I honestly do not know what to say about this book. Except that it was so twisted. I don't even know how to rate it. Some parts were wonderfully written, and Tom Franklin sure knows how to write interesting characters. This is my second book by Tom Franklin, after Crooked Letter, Crooked Letter. I was not expecting this. It was gruesome, like something out of a Quentin Tarantino movie. Including the random fountains of blood and body parts flying everywhere. And the things these people do with glass eyeballs and gigantic facial moles...has no one heard of hygiene? Or decency? Or just not being disgusting? Even after all that, I kept reading because Smonk and Evangeline were the type of characters that you just have to keep reading about. Even if you don't particularly like them. But that's ok because there was no one in this book who was likeable. Not even the children.I liked the humor and obvious *nudge, nudge, wink, wink* that Tom Franklin wrote with. Which reminded me again of Quentin Tarantino. It was absurd and everyone, everyone had a fixation on penises. There were penises everywhere. Not all of them were attached.This isn't a book many people will like, unless they don't mind gruesome and twisted. I thought it was hilarious.
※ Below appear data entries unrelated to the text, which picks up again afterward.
(* Let $$\alpha=1+\frac16\left(\sqrt[3]{54-6\sqrt{33}}+\sqrt[3]{54+6\sqrt{33}}\right)\approx 2.1915,\qquad \beta=1+\frac13\left(\sqrt[3]{54-6\sqrt{33}}+\sqrt[3]{54+6\sqrt{33}}\right)\approx 3.3830,$$ let $g(x)=\alpha x(1-x)$, $h(x)=\beta x(1-x)$, and let $$p_\pm=\frac{\beta+1\pm\sqrt{(\beta+1)(\beta-3)}}{2\beta}$$ be the period-2 points of $h$. Then $h\!\left(\frac{\alpha-1}{\alpha}\right)=p_+$, $g(p_-)=\frac{\alpha-1}{\alpha}$, $g\!\left(\frac{\beta-1}{\beta}\right)=p_-$, $g\!\left(\frac1\beta\right)=p_-$, and $g(p_+)=\frac1\beta$. Consequently the set $\Lambda=\left\{\frac{\alpha-1}{\alpha},\ \frac{\beta-1}{\beta},\ p_-,\ p_+,\ \frac1\beta\right\}$ consists of five points, satisfies $\Lambda=g(\Lambda)\cup h(\Lambda)$ (a 5-point toss-and-catch), and contains the bridging point $\frac1\beta$, which is a periodic point of neither $g$ nor $h$.
   Context: For $\gamma\in\mathbb{R}$ let $f_\gamma(x)=\gamma x(1-x)$ denote the logistic map; its nontrivial fixed point is $\frac{\gamma-1}{\gamma}$. The logistic IFS is the pair $\{g,h\}=\{f_\alpha,f_\beta\}$ with $\alpha<\beta$, where at each step $g$ is applied with probability $p\in(0,1)$ and $h$ with probability $1-p$, independently. An invariant set of the IFS is a set $\Lambda$ with $\Lambda=g(\Lambda)\cup h(\Lambda)$; a finite invariant set with $n$ points is called an $n$-point toss-and-catch. A bridging point is a point of $\Lambda$ that belongs to neither the union of all periodic orbits of $g$ nor the union of all periodic orbits of $h$. *)

From Stdlib Require Import Reals Lra List.
Open Scope R_scope.

Definition logistic (gamma x : R) : R := gamma * x * (1 - x).

(* real cube root of a positive real (both radicands below are positive) *)
Definition cbrt (x : R) : R := Rpower x (1/3).

Definition S3 : R := cbrt (54 - 6 * sqrt 33) + cbrt (54 + 6 * sqrt 33).
Definition alpha0 : R := 1 + S3 / 6.
Definition beta0 : R := 1 + S3 / 3.

Definition pplus (b : R) : R := (b + 1 + sqrt ((b + 1) * (b - 3))) / (2 * b).
Definition pminus (b : R) : R := (b + 1 - sqrt ((b + 1) * (b - 3))) / (2 * b).

Definition periodic_point (f : R -> R) (x : R) : Prop :=
  exists n : nat, (0 < n)%nat /\ Nat.iter n f x = x.

Definition invariant_set (g h : R -> R) (L : list R) : Prop :=
  forall y, In y L <-> exists x, In x L /\ (y = g x \/ y = h x).

Definition bridging_point (g h : R -> R) (L : list R) (x : R) : Prop :=
  In x L /\ ~ periodic_point g x /\ ~ periodic_point h x.

From Stdlib Require Import Reals List Lra Psatz.
Open Scope R_scope.

(* With t := alpha - 1 Cardano's formula says 2 t^3 = 2 t + 1, i.e. 2 (alpha - 1)^3 = beta
   where beta = 2 alpha - 1.  Modulo this cubic every claimed equation g(x) = y or h(x) = y
   is a polynomial identity in alpha.  The fixed point of h is the image of 1/beta, and the
   fixed point of g is reached from 1/beta via p_-; since 1/beta lies on neither fixed point,
   it is a strictly preperiodic, hence non-periodic, point of both maps. *)

Lemma cbrt_pow3 x : 0 < x -> cbrt x ^ 3 = x.
Proof.
  intros x_pos; unfold cbrt.
  rewrite <- Rpower_pow by apply exp_pos.
  rewrite Rpower_mult; replace (1 / 3 * INR 3) with 1 by (simpl; field).
  now apply Rpower_1.
Qed.

Lemma cbrt_mul x y : 0 < x -> 0 < y -> cbrt x * cbrt y = cbrt (x * y).
Proof. intros; now apply Rpower_mult_distr. Qed.

Lemma cbrt_cube x : 0 < x -> cbrt (x ^ 3) = x.
Proof.
  intros x_pos; unfold cbrt.
  rewrite <- Rpower_pow, Rpower_mult by exact x_pos.
  replace (INR 3 * (1 / 3)) with 1 by (simpl; field).
  now apply Rpower_1.
Qed.

Lemma S3_cubic : S3 ^ 3 = 36 * S3 + 108.
Proof.
  assert (sqrt33_lt : sqrt 33 < 9).
  { rewrite <- (sqrt_pow2 9) by lra. apply sqrt_lt_1; lra. }
  assert (sqrt33_sq : sqrt 33 * sqrt 33 = 33) by (apply sqrt_sqrt; lra).
  pose proof (sqrt_pos 33).
  unfold S3; set (u := cbrt (54 - 6 * sqrt 33)); set (v := cbrt (54 + 6 * sqrt 33)).
  assert (u_cube : u ^ 3 = 54 - 6 * sqrt 33) by (apply cbrt_pow3; lra).
  assert (v_cube : v ^ 3 = 54 + 6 * sqrt 33) by (apply cbrt_pow3; lra).
  assert (uv : u * v = 12).
  { unfold u, v; rewrite cbrt_mul by lra.
    replace ((54 - 6 * sqrt 33) * (54 + 6 * sqrt 33)) with (12 ^ 3) by nra.
    apply cbrt_cube; lra. }
  replace ((u + v) ^ 3) with (u ^ 3 + v ^ 3 + 3 * (u * v) * (u + v)) by ring.
  rewrite u_cube, v_cube, uv; ring.
Qed.

Lemma alpha0_cubic : 2 * (alpha0 - 1) ^ 3 = beta0.
Proof. unfold alpha0, beta0; pose proof S3_cubic; lra. Qed.

Lemma beta0_eq : beta0 = 2 * alpha0 - 1.
Proof. unfold alpha0, beta0; lra. Qed.

Lemma logistic_sym c x : logistic c (1 - x) = logistic c x.
Proof. unfold logistic; ring. Qed.

Lemma logistic_fixed c : c <> 0 -> logistic c ((c - 1) / c) = (c - 1) / c.
Proof. intros c_neq0; unfold logistic; field; exact c_neq0. Qed.

Lemma logistic_inv c : c <> 0 -> logistic c (1 / c) = (c - 1) / c.
Proof. intros c_neq0; unfold logistic; field; exact c_neq0. Qed.

Lemma logistic_pplus c :
  c <> 0 -> 0 <= (c + 1) * (c - 3) -> logistic c (pplus c) = pminus c.
Proof.
  intros c_neq0 disc_ge0; unfold logistic, pplus, pminus.
  pose proof (sqrt_sqrt _ disc_ge0).
  field_simplify_eq; [nra | exact c_neq0].
Qed.

Lemma logistic_pminus c :
  c <> 0 -> 0 <= (c + 1) * (c - 3) -> logistic c (pminus c) = pplus c.
Proof.
  intros c_neq0 disc_ge0; unfold logistic, pplus, pminus.
  pose proof (sqrt_sqrt _ disc_ge0).
  field_simplify_eq; [nra | exact c_neq0].
Qed.

Lemma periodic_point_image (f : R -> R) x :
  periodic_point f x -> periodic_point f (f x).
Proof.
  intros [n [n_pos iter_x]]; exists n; split; [exact n_pos|].
  rewrite <- Nat.iter_succ_r, Nat.iter_succ, iter_x; reflexivity.
Qed.

Lemma iter_fixed (f : R -> R) y n : f y = y -> Nat.iter n f y = y.
Proof.
  intros fy; induction n as [|n IH]; [reflexivity|].
  now rewrite Nat.iter_succ, IH.
Qed.

Lemma preperiodic_not_periodic (f : R -> R) x y :
  f x = y -> f y = y -> x <> y -> ~ periodic_point f x.
Proof.
  intros fx fy x_neq_y [[|n] [n_pos iter_x]]; [lia|].
  rewrite Nat.iter_succ_r, fx, iter_fixed in iter_x by exact fy.
  now apply x_neq_y.
Qed.

Lemma invariant_setI (g h : R -> R) L :
  (forall x, In x L -> In (g x) L /\ In (h x) L) ->
  (forall y, In y L -> exists x, In x L /\ (y = g x \/ y = h x)) ->
  invariant_set g h L.
Proof.
  intros maps_into covered y; split; [apply covered|].
  intros [x [x_in [-> | ->]]]; apply maps_into, x_in.
Qed.

Lemma cubic_root_bounds t : 2 * t ^ 3 = 2 * t + 1 -> 1 < t < 5 / 4.
Proof.
  intros cubic.
  assert (t_gt1 : 1 < t).
  { destruct (Rlt_or_le 1 t) as [|t_le1]; [assumption|].
    destruct (Rle_or_lt t 0).
    - assert (0 <= - t * (t + 1 / 2) ^ 2) by (apply Rmult_le_pos; [lra | apply pow2_ge_0]).
      nra.
    - assert (0 <= t * (1 - t)) by (apply Rmult_le_pos; lra).
      nra. }
  split; [exact t_gt1|].
  destruct (Rlt_or_le t (5 / 4)); [assumption | nra].
Qed.

Lemma Rdiv_lt_cross x y d e : 0 < d -> 0 < e -> x * e < y * d -> x / d < y / e.
Proof.
  intros d_pos e_pos cross; apply (Rmult_lt_reg_r (d * e)); [nra|].
  replace (x / d * (d * e)) with (x * e) by (field; lra).
  replace (y / e * (d * e)) with (y * d) by (field; lra).
  exact cross.
Qed.

Section TossAndCatch.

Variables a b : R.
Hypothesis beta_eq : b = 2 * a - 1.
Hypothesis alpha_cubic : 2 * (a - 1) ^ 3 = b.

Lemma alpha_bounds : 2 < a < 9 / 4.
Proof.
  assert (t_cubic : 2 * (a - 1) ^ 3 = 2 * (a - 1) + 1) by lra.
  pose proof (cubic_root_bounds (a - 1) t_cubic); lra.
Qed.

(* (b + 1) (b - 3) = 4 a (a - 2), and the cubic says a = b^2 (a - 2). *)
Lemma beta_disc_sqrt : sqrt ((b + 1) * (b - 3)) = 2 * b * (a - 2).
Proof.
  pose proof alpha_bounds; apply sqrt_lem_1; subst b; nra.
Qed.

Lemma pplus_beta : pplus b = 2 * (a - 1) ^ 2 / b.
Proof.
  pose proof alpha_bounds; unfold pplus; rewrite beta_disc_sqrt.
  subst b; field; lra.
Qed.

Lemma pminus_beta : pminus b = 2 * (a - (a - 1) ^ 2) / b.
Proof.
  pose proof alpha_bounds; unfold pminus; rewrite beta_disc_sqrt.
  subst b; field; lra.
Qed.

Lemma logistic_beta_alpha_fixed : logistic b ((a - 1) / a) = pplus b.
Proof.
  pose proof alpha_bounds; rewrite pplus_beta; unfold logistic.
  field_simplify_eq; [subst b; nra | lra].
Qed.

Lemma logistic_alpha_pminus : logistic a (pminus b) = (a - 1) / a.
Proof.
  pose proof alpha_bounds; rewrite pminus_beta; unfold logistic.
  field_simplify_eq; [subst b; nra | lra].
Qed.

Lemma logistic_alpha_inv_beta : logistic a (1 / b) = pminus b.
Proof.
  pose proof alpha_bounds; rewrite pminus_beta; unfold logistic.
  field_simplify_eq; [subst b; nra | lra].
Qed.

Lemma logistic_alpha_pplus : logistic a (pplus b) = 1 / b.
Proof.
  pose proof alpha_bounds; rewrite pplus_beta; unfold logistic.
  field_simplify_eq; [subst b; nra | lra].
Qed.

Lemma logistic_alpha_fixed_beta : logistic a ((b - 1) / b) = pminus b.
Proof.
  pose proof alpha_bounds.
  replace ((b - 1) / b) with (1 - 1 / b) by (field; lra).
  now rewrite logistic_sym, logistic_alpha_inv_beta.
Qed.

Lemma toss_and_catch_sorted :
  1 / b < pminus b /\ pminus b < (a - 1) / a /\
  (a - 1) / a < (b - 1) / b /\ (b - 1) / b < pplus b.
Proof.
  pose proof alpha_bounds; rewrite pplus_beta, pminus_beta.
  repeat split.
  - apply (Rdiv_lt_cross _ _ b b); subst b; nra.
  - apply (Rdiv_lt_cross _ _ b a); subst b; nra.
  - apply (Rdiv_lt_cross _ _ a b); subst b; nra.
  - apply (Rdiv_lt_cross _ _ b b); subst b; nra.
Qed.

Lemma toss_and_catch_NoDup :
  NoDup ((a - 1) / a :: (b - 1) / b :: pminus b :: pplus b :: 1 / b :: nil).
Proof.
  pose proof toss_and_catch_sorted.
  repeat constructor; simpl; intuition lra.
Qed.

Lemma toss_and_catch_invariant :
  invariant_set (logistic a) (logistic b)
    ((a - 1) / a :: (b - 1) / b :: pminus b :: pplus b :: 1 / b :: nil).
Proof.
  pose proof alpha_bounds.
  assert (a_neq0 : a <> 0) by lra.
  assert (b_neq0 : b <> 0) by lra.
  assert (disc_ge0 : 0 <= (b + 1) * (b - 3)) by (subst b; nra).
  pose proof (logistic_fixed a a_neq0) as g_fixed.
  pose proof (logistic_fixed b b_neq0) as h_fixed.
  pose proof (logistic_inv b b_neq0) as h_inv.
  pose proof (logistic_pplus b b_neq0 disc_ge0) as h_pplus.
  pose proof (logistic_pminus b b_neq0 disc_ge0) as h_pminus.
  pose proof logistic_beta_alpha_fixed as h_fixed_alpha.
  pose proof logistic_alpha_fixed_beta as g_fixed_beta.
  pose proof logistic_alpha_pminus as g_pminus.
  pose proof logistic_alpha_pplus as g_pplus.
  pose proof logistic_alpha_inv_beta as g_inv.
  apply invariant_setI.
  2: intros y y_in; simpl in y_in;
     destruct y_in as [<- | [<- | [<- | [<- | [<- | []]]]]];
     [ exists ((a - 1) / a) | exists ((b - 1) / b) | exists ((b - 1) / b)
     | exists ((a - 1) / a) | exists (pplus b) ].
  1: intros x x_in; simpl in x_in;
     destruct x_in as [<- | [<- | [<- | [<- | [<- | []]]]]].
  all: rewrite ?g_fixed, ?h_fixed, ?h_inv, ?h_pplus, ?h_pminus, ?h_fixed_alpha,
         ?g_fixed_beta, ?g_pminus, ?g_pplus, ?g_inv; simpl; intuition.
Qed.

Lemma inv_beta_bridging :
  bridging_point (logistic a) (logistic b)
    ((a - 1) / a :: (b - 1) / b :: pminus b :: pplus b :: 1 / b :: nil) (1 / b).
Proof.
  pose proof alpha_bounds; pose proof toss_and_catch_sorted.
  assert (a_neq0 : a <> 0) by lra.
  assert (b_neq0 : b <> 0) by lra.
  split; [simpl; tauto | split].
  - intros periodic; apply periodic_point_image in periodic.
    rewrite logistic_alpha_inv_beta in periodic.
    revert periodic; apply (preperiodic_not_periodic _ _ ((a - 1) / a)).
    + exact logistic_alpha_pminus.
    + now apply logistic_fixed.
    + lra.
  - apply (preperiodic_not_periodic _ _ ((b - 1) / b)).
    + now apply logistic_inv.
    + now apply logistic_fixed.
    + lra.
Qed.

End TossAndCatch.

Theorem mainTheorem3 :
  let a := alpha0 in
  let b := beta0 in
  let g := logistic a in
  let h := logistic b in
  let pp := pplus b in
  let pm := pminus b in
  let L := (a - 1) / a :: (b - 1) / b :: pm :: pp :: 1 / b :: nil in
  h ((a - 1) / a) = pp /\
  g pm = (a - 1) / a /\
  g ((b - 1) / b) = pm /\
  g (1 / b) = pm /\
  g pp = 1 / b /\
  NoDup L /\
  invariant_set g h L /\
  bridging_point g h L (1 / b).
Proof.
  cbv zeta.
  pose proof beta0_eq as beta_eq; pose proof alpha0_cubic as alpha_cubic.
  refine (conj _ (conj _ (conj _ (conj _ (conj _ (conj _ (conj _ _))))))).
  - exact (logistic_beta_alpha_fixed _ _ beta_eq alpha_cubic).
  - exact (logistic_alpha_pminus _ _ beta_eq alpha_cubic).
  - exact (logistic_alpha_fixed_beta _ _ beta_eq alpha_cubic).
  - exact (logistic_alpha_inv_beta _ _ beta_eq alpha_cubic).
  - exact (logistic_alpha_pplus _ _ beta_eq alpha_cubic).
  - exact (toss_and_catch_NoDup _ _ beta_eq alpha_cubic).
  - exact (toss_and_catch_invariant _ _ beta_eq alpha_cubic).
  - exact (inv_beta_bridging _ _ beta_eq alpha_cubic).
Qed.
Just, please, don't let your mother skim through it! (Sorry mom)
—Amanda

Tom Franklin's got talent to burn -- but "Smonk" turned out to be something I respect more than like.The description led me to anticipate an anarchic satire like Tom Sharpe's "Riotous Assembly". It's nothing of the sort. "Smonk" is a dense Southern Gothic affair that reminds me of Faulkner, and not in the best way. It's not overly long, and it's not given to Faulkner's run-on sentences, but I found it a chore to get through rather than a pleasure. There are gleams of humor, but it's more incidental.Eventually, "Smonk" turns out to be about a bizarre religious cult, and that's not exactly new ground. Franklin does put his own unique spin on it, and his language and imagery can often be dazzling. If I had to compare this to anything else, though, it would be "And the Ass Saw the Angel" by Nick Cave. Franklin doesn't run amok with five-dollar vocabulary words the way Cave did, but the central theme is quite similar, and so is the feeling of an ambitious effort that doesn't match expectations.
—Rory Costello

Here we have a Tom Franklin novel masquerading as a Cormac McCarthy novel, quotation mark-less and spare. It features E.O. Smonk, a one-eyed, goitered, syphilitic, tuberculous killing machine. Also Evavangeline, a fifteen year old, fiery-locked whore prone to biting.But what begins as a McCarthy rip-off grows into so much more, a completely unexpected genre mashup with a rich mythology and twists and turns to boot. I can't even describe what happens without giving it away, but if you read this book, you're in for a crazy ride.